Can We Talk About Black Gentrification?
To many, Brooklyn is synonymous with the displacement of the whites who once called it home.
Recently, filmmaker Spike Lee stirred up a lot of controversy when he delivered an expletive-filled rant against gentrification in Brooklyn. While hardly a new conversation, Lee’s outrage has provoked new dialog and insight on the subject, and for better or for worse, returned the troubling phenomenon of gentrification into the national spotlight. Speaking out of rage and impulse, Lee painted a very clear, vivid picture of the frustrations many in the black community experience in regards to the erosion of a neighborhood’s native culture.
The thing Lee forgot to mention, however–the thing that many people have rightfully pointed out–is that his parents had a hand in the original gentrification of Brooklyn in the 1960s. It’s true. Prior to his family moving to Fort Greene some forty odd years ago, Brooklyn was a natively white borough. As many have already mentioned, the only thing that white people are ‘bogarting’ or appropriating is the act of gentrification itself–something that blacks invented in the 1800s when they began stealing the surnames of white Americans so they could all sound like cool southern generals. To many, Brooklyn is synonymous with the displacement of the whites who once called it home.

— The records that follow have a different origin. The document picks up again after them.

(* Let $\beta\in\mathbb{F}_{p^m}\setminus\{0\}$. The $(\alpha+\beta u)$-constacyclic codes of length $4p^s$ over $R$, i.e. the ideals of $\mathcal{R}_{\alpha,\beta}=R[x]/\langle x^{4p^s}-(\alpha+\beta u)\rangle$, are exactly the principal ideals $$\left\langle\left(x^2+\gamma x+\tfrac{\gamma^2}{2}\right)^i\left(x^2-\gamma x+\tfrac{\gamma^2}{2}\right)^j\right\rangle,\qquad 0\le i,j\le 2p^s.$$
   Context: Let $p$ be an odd prime and $m,s$ positive integers with $p^m\equiv 3\pmod 4$; $\mathbb{F}_{p^m}$ is the field with $p^m$ elements and $R=\mathbb{F}_{p^m}[u]/\langle u^2\rangle$. Fix $\alpha\in\mathbb{F}_{p^m}\setminus\{0\}$ that is not a square in $\mathbb{F}_{p^m}$, let $\alpha_0\in\mathbb{F}_{p^m}$ satisfy $\alpha_0^{p^s}=\alpha$, and let $\gamma\in\mathbb{F}_{p^m}$ satisfy $\gamma^4+4\alpha_0=0$. For a unit $\lambda\in R$, a $\lambda$-constacyclic code of length $n$ over $R$ is an $R$-submodule $\mathcal{C}\subseteq R^n$ closed under $(c_0,\dots,c_{n-1})\mapsto(\lambda c_{n-1},c_0,\dots,c_{n-2})$; via $(c_0,\dots,c_{n-1})\mapsto\sum c_ix^i$ these are identified with the ideals of $R[x]/\langle x^n-\lambda\rangle$. *)

From HB Require Import structures.
From mathcomp Require Import all_boot all_order all_algebra all_field.
Set Implicit Arguments. Unset Strict Implicit. Unset Printing Implicit Defensive.
Import GRing.Theory.
Local Open Scope ring_scope.

(* The ring R = F[u]/<u^2> of dual numbers over a field F:                   *)
(* the element Dual a b stands for a + b u.                                 *)
Section DualNumbers.
Variable F : fieldType.

Inductive dual : Type := Dual of F & F.

Definition dre (z : dual) := let: Dual a _ := z in a.
Definition dim (z : dual) := let: Dual _ b := z in b.

Definition dual_to_prod (z : dual) : F * F := (dre z, dim z).
Definition prod_to_dual (z : F * F) : dual := Dual z.1 z.2.
Lemma dual_to_prodK : cancel dual_to_prod prod_to_dual. Proof. by case. Qed.

HB.instance Definition _ := Choice.copy dual (can_type dual_to_prodK).

Definition dual_zero := Dual 0 0.
Definition dual_opp z := Dual (- dre z) (- dim z).
Definition dual_add z w := Dual (dre z + dre w) (dim z + dim w).

Lemma dual_addA : associative dual_add.
Proof. by case=> a b [c d] [e f]; rewrite /dual_add /= !addrA. Qed.
Lemma dual_addC : commutative dual_add.
Proof. by case=> a b [c d]; rewrite /dual_add /= addrC [b + _]addrC. Qed.
Lemma dual_add0 : left_id dual_zero dual_add.
Proof. by case=> a b; rewrite /dual_add /= !add0r. Qed.
Lemma dual_addN : left_inverse dual_zero dual_opp dual_add.
Proof. by case=> a b; rewrite /dual_add /= !addNr. Qed.

HB.instance Definition _ := GRing.isZmodule.Build dual
  dual_addA dual_addC dual_add0 dual_addN.

Definition dual_one := Dual 1 0.
(* (a + b u)(c + d u) = ac + (ad + bc) u, since u^2 = 0 *)
Definition dual_mul z w :=
  Dual (dre z * dre w) (dre z * dim w + dim z * dre w).

Lemma dual_mulA : associative dual_mul.
Proof.
case=> a b [c d] [e f]; rewrite /dual_mul /=.
by rewrite !mulrA !mulrDl !mulrDr !mulrA !addrA.
Qed.
Lemma dual_mulC : commutative dual_mul.
Proof. by case=> a b [c d]; rewrite /dual_mul /= mulrC addrC [a * d]mulrC [b * c]mulrC. Qed.
Lemma dual_mul1 : left_id dual_one dual_mul.
Proof. by case=> a b; rewrite /dual_mul /= !mul1r mul0r addr0. Qed.
Lemma dual_mulDl : left_distributive dual_mul dual_add.
Proof.
case=> a b [c d] [e f]; rewrite /dual_mul /dual_add /=.
rewrite !mulrDl; congr Dual; rewrite -!addrA; congr (_ + _).
by rewrite addrCA.
Qed.
Lemma dual_one_neq0 : dual_one != dual_zero.
Proof. by apply/eqP=> -[] /eqP; rewrite oner_eq0. Qed.

HB.instance Definition _ := GRing.Zmodule_isComNzRing.Build dual
  dual_mulA dual_mulC dual_mul1 dual_mulDl dual_one_neq0.

Definition demb (a : F) : dual := Dual a 0.

End DualNumbers.

Section Constacyclic.
Variable R : comNzRingType.

Definition cshift (n : nat) (lam : R) (c : 'rV[R]_n) : 'rV[R]_n :=
  \row_(i < n) ((if val i == 0%N then lam else 1) * c 0 (ord_pred i)).

Definition constacyclic_code (n : nat) (lam : R) (C : 'rV[R]_n -> Prop) : Prop :=
  [/\ C 0,
      (forall x y, C x -> C y -> C (x + y)),
      (forall (r : R) x, C x -> C (r *: x)) &
      (forall x, C x -> C (cshift lam x))].

Definition word_poly (n : nat) (c : 'rV[R]_n) : {poly R} :=
  \sum_(i < n) (c 0 i)%:P * 'X^i.

(* c, viewed as an element of R[x]/<x^n - lam>, lies in the principal ideal
   generated by (the class of) g *)
Definition in_principal (n : nat) (lam : R) (g : {poly R}) (c : 'rV[R]_n) : Prop :=
  exists a b : {poly R}, word_poly c = a * g + b * ('X^n - lam%:P).

End Constacyclic.

(* Write lambda = alpha + beta u.  The lift of e = x^n - alpha from F[x] to R[x] is
   congruent to beta u modulo x^n - lambda; as (beta u)^2 = 0 and beta is a unit,
   u = beta^-1 e and e^2 = 0 modulo x^n - lambda.  Hence lifting induces an
   isomorphism F[x]/<e^2> = R[x]/<x^n - lambda>, and the lambda-constacyclic codes
   correspond to the ideals of F[x] containing e^2, i.e. to the divisors of e^2.
   In characteristic p, e = (x^4 - alpha0)^(p^s) = (f1 f2)^(p^s), where f1 and f2
   are coprime irreducible quadratics: a root of f1 would make alpha0, hence alpha,
   a square.  So the divisors of e^2 are, up to units, the f1^i f2^j, i, j <= 2p^s. *)

From Pilot Require Import Defs.
From HB Require Import structures.
From mathcomp Require Import all_boot all_order all_algebra all_field.
From mathcomp Require Import ring.
From Stdlib Require Import Classical.
Set Implicit Arguments. Unset Strict Implicit. Unset Printing Implicit Defensive.
Import GRing.Theory.
Local Open Scope ring_scope.

Section Words.
Variables (R : comNzRingType) (n : nat).
Implicit Types c : 'rV[R]_n.

Lemma word_polyE c : word_poly c = rVpoly c.
Proof.
rewrite [in RHS](row_sum_delta c) linear_sum; apply: eq_bigr => i _.
by rewrite linearZ /= -mul_polyC; congr (_ * _); exact/esym/rVpoly_delta.
Qed.

Fact word_poly_is_linear : linear (@word_poly R n).
Proof. by move=> a u v; rewrite !word_polyE linearP. Qed.

HB.instance Definition _ := GRing.isLinear.Build R 'rV[R]_n {poly R} _
  (@word_poly R n) word_poly_is_linear.

Lemma size_word_poly c : (size (word_poly c) <= n)%N.
Proof. by rewrite word_polyE size_poly. Qed.

Lemma word_poly_inj : injective (@word_poly R n).
Proof. by move=> c c' /(congr1 (@poly_rV _ n)); rewrite !word_polyE !rVpolyK. Qed.

Lemma word_poly_cshift (lam : R) (c : 'rV[R]_n.+1) :
  word_poly (cshift lam c) =
  'X * word_poly c - (c 0 ord_max)%:P * ('X^(n.+1) - lam%:P).
Proof.
have shift0 : cshift lam c 0 ord0 = lam * c 0 ord_max.
  by rewrite mxE; congr (_ * c 0 _); apply/val_inj; rewrite /= modn_small.
have shiftS (i : 'I_n) : cshift lam c 0 (lift ord0 i) = c 0 (widen_ord (leqnSn n) i).
  rewrite mxE /= mul1r; congr (c 0 _); apply: val_inj => /=.
  by rewrite modnDr modn_small //; apply: ltnW (ltn_ord i).
rewrite /word_poly big_ord_recl big_ord_recr /= mulrDr mulr_sumr.
under eq_bigr => i _ do rewrite shiftS /bump leq0n add1n.
under [X in _ = X + _ - _]eq_bigr => i _ do rewrite mulrCA -exprS.
by rewrite shift0 polyCM exprS; ring.
Qed.
End Words.

Section CodeIdeal.
Variables (R : comNzRingType) (n : nat) (lam : R).
Hypothesis n_gt0 : (0 < n)%N.
Local Notation g := ('X^n - lam%:P).

Lemma word_poly_cshift_mod (c : 'rV[R]_n) :
  exists a, word_poly (cshift lam c) = 'X * word_poly c - a%:P * g.
Proof. by case: n n_gt0 c => // k _ c; eexists; apply: word_poly_cshift. Qed.

Lemma word_poly_inj_mod (c c' : 'rV[R]_n) (T : {poly R}) :
  word_poly c = word_poly c' + T * g -> c = c'.
Proof.
move=> eq_cc'; apply: word_poly_inj.
have [T0 | T_neq0] := eqVneq T 0; first by rewrite eq_cc' T0 mul0r addr0.
have : (size (T * g)%R <= n)%N.
  rewrite (_ : T * g = word_poly (c - c')); first exact: size_word_poly.
  by rewrite linearB /= eq_cc' addrAC subrr add0r.
rewrite size_Mmonic ?monicXnsubC // size_XnsubC // addnS /=.
by rewrite -{2}[n]add0n leq_add2r leqn0 size_poly_eq0 (negPf T_neq0).
Qed.

Lemma in_principal_constacyclic (h : {poly R}) :
  @constacyclic_code R n lam (in_principal lam h).
Proof.
split.
- by exists 0, 0; rewrite linear0 !mul0r addr0.
- move=> x y [a [b ex]] [a' [b' ey]]; exists (a + a'), (b + b').
  by rewrite linearD /= ex ey; ring.
- move=> r x [a [b ex]]; exists (r%:P * a), (r%:P * b).
  by rewrite linearZ /= -mul_polyC ex; ring.
- move=> x [a [b ex]]; have [k ek] := word_poly_cshift_mod x.
  by exists ('X * a), ('X * b - k%:P); rewrite ek ex; ring.
Qed.

Lemma constacyclic_code_ext (C C' : 'rV[R]_n -> Prop) :
  (forall c, C c <-> C' c) -> constacyclic_code lam C' -> constacyclic_code lam C.
Proof. by move=> eqC [C'0 C'D C'Z C'S]; split=> [|x y|r x|x]; rewrite !eqC; auto. Qed.

(* The preimage of C under R[x] -> R[x]/<g>, a quotient identified with R^n. *)
Definition code_ideal (C : 'rV[R]_n -> Prop) (P : {poly R}) : Prop :=
  exists2 c, C c & exists T : {poly R}, word_poly c = P + T * g.

Variable C : 'rV[R]_n -> Prop.
Hypothesis C_code : constacyclic_code lam C.

Lemma code_idealP P c T : code_ideal C P -> word_poly c = P + T * g -> C c.
Proof.
case=> c' Cc' [T' eq_c'] eq_c; suff -> : c = c' by [].
by apply: (word_poly_inj_mod (T := T - T')); rewrite eq_c eq_c'; ring.
Qed.

Lemma code_ideal0 : code_ideal C 0.
Proof.
by case: C_code => C0 _ _ _; exists 0 => //; exists 0; rewrite linear0 mul0r addr0.
Qed.

Lemma code_idealD P Q : code_ideal C P -> code_ideal C Q -> code_ideal C (P + Q).
Proof.
case: C_code => _ CD _ _ [c Cc [T eq_c]] [c' Cc' [T' eq_c']].
exists (c + c'); first exact: CD.
by exists (T + T'); rewrite linearD /= eq_c eq_c'; ring.
Qed.

Lemma code_idealZ a P : code_ideal C P -> code_ideal C (a%:P * P).
Proof.
case: C_code => _ _ CZ _ [c Cc [T eq_c]].
exists (a *: c); first exact: CZ.
by exists (a%:P * T); rewrite linearZ /= -mul_polyC eq_c; ring.
Qed.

“My family moved to Fort Greene in 1912 from County Donegal,” says 87 year old Magdelene O’Rourke, an aging matriarch who commands respect even as she requests that you simply call her Maggie. “We had to fight to be accepted by the resident Italian population. Quite literally actually,” she laughs. “My father used to beat dago children to death with a pipe wrench and leave their bodies in barrels outside of the pizzeria.”
In a bygone Fort Greene, the influx of Irish immigrants continued, and it didn’t take long for them to make their mark. Eventually, Fort Greene became, well, predominantly ‘Green.’ The Irish had taken an undiscovered neighborhood, save for a few racist Italians, and made it into something unique and prosperous. This period of ethnic harmony lasted for almost half a century.
“Things were almost perfect. Everything was monotonous and drab,” explains Maggie. “You’d wake up in the morning to the droning of bagpipes and the dainty, sing-songy pips of fair skinned chorus boys belting out Celtic folk songs,” she recalls, placing her hand on a framed picture of the n-word. “It was a simpler time.”
Everything changed for Maggie in 1962, when a mass migration of rich southern blacks displaced the now-native Irish population. They used backhanded tactics like lowering property values and establishing their own sense of community through artistic expression. Where there was once a town drunk, stood a jazz musician.
“They used those saxophones like fire hoses, spraying us with Dorian modes and chromatic progressions. It was like they were sicking the dogs on us,” she says, pulling her Romney 2012 afghan close to her chest. Her eyes narrow and her gaze seems to penetrate through the roast beef on the table, beyond the vomit green linoleum, and right through the earth itself. “It was just so… syncopated.”
Eventually, Maggie’s family left Brooklyn, settling into a little nine bedroom, three quarter million dollar home on a tree lined cul-de-sac in New Jersey. “I like it here alright,” she says with an air of acceptance and reluctant optimism. “I just hope black people don’t move in.”
But Maggie’s greatest fear is soon to be realized. With nowhere to go, impoverished, systematically oppressed blacks have no choice but to occupy the large swaths of upper middle class mansions that speckle the exurbs of our nation’s urban cores. Just as great pendulums swing east, they return west, and perfectly measure the passing of time, like a disregarded metronome in a jazz ensemble’s practice room. Before long, the last bastion of white America will be stolen, like the White House, from hard working melanin deficient individuals, to be handed over to the one group of people that refuse to know their place.
For many in Maggie’s generation, this recent gentrification in Brooklyn is anything but. To her, it’s simply a reclamation of something that was rightfully owned by whites, after they took it from the Native Americans and the Italians in the nineteenth century. Is it really fair to say that the rightful owners of a property are the people that moved there 40 years ago, when there had already been another group of people there for 40 years prior? What is a rightful claim to a space if not the color of your skin or where your grandparents happened to live before microwaves were invented?
For Maggie herself, she understands that things change, neighborhoods are torn down and rebuilt, and people come and go. She just wants there to be more emphasis on legacy, and more realization on the part of young people that the recognition of cultural roots is integral to the understanding of ourselves.
“It’s just about history,” she says. “If black people want to take Brooklyn they can have it, I’d just prefer that they go about it the right way. Throwing a garbage can through a window is good and all, but it takes a lot more than that to break a wop’s spirit. You gotta use pliers.”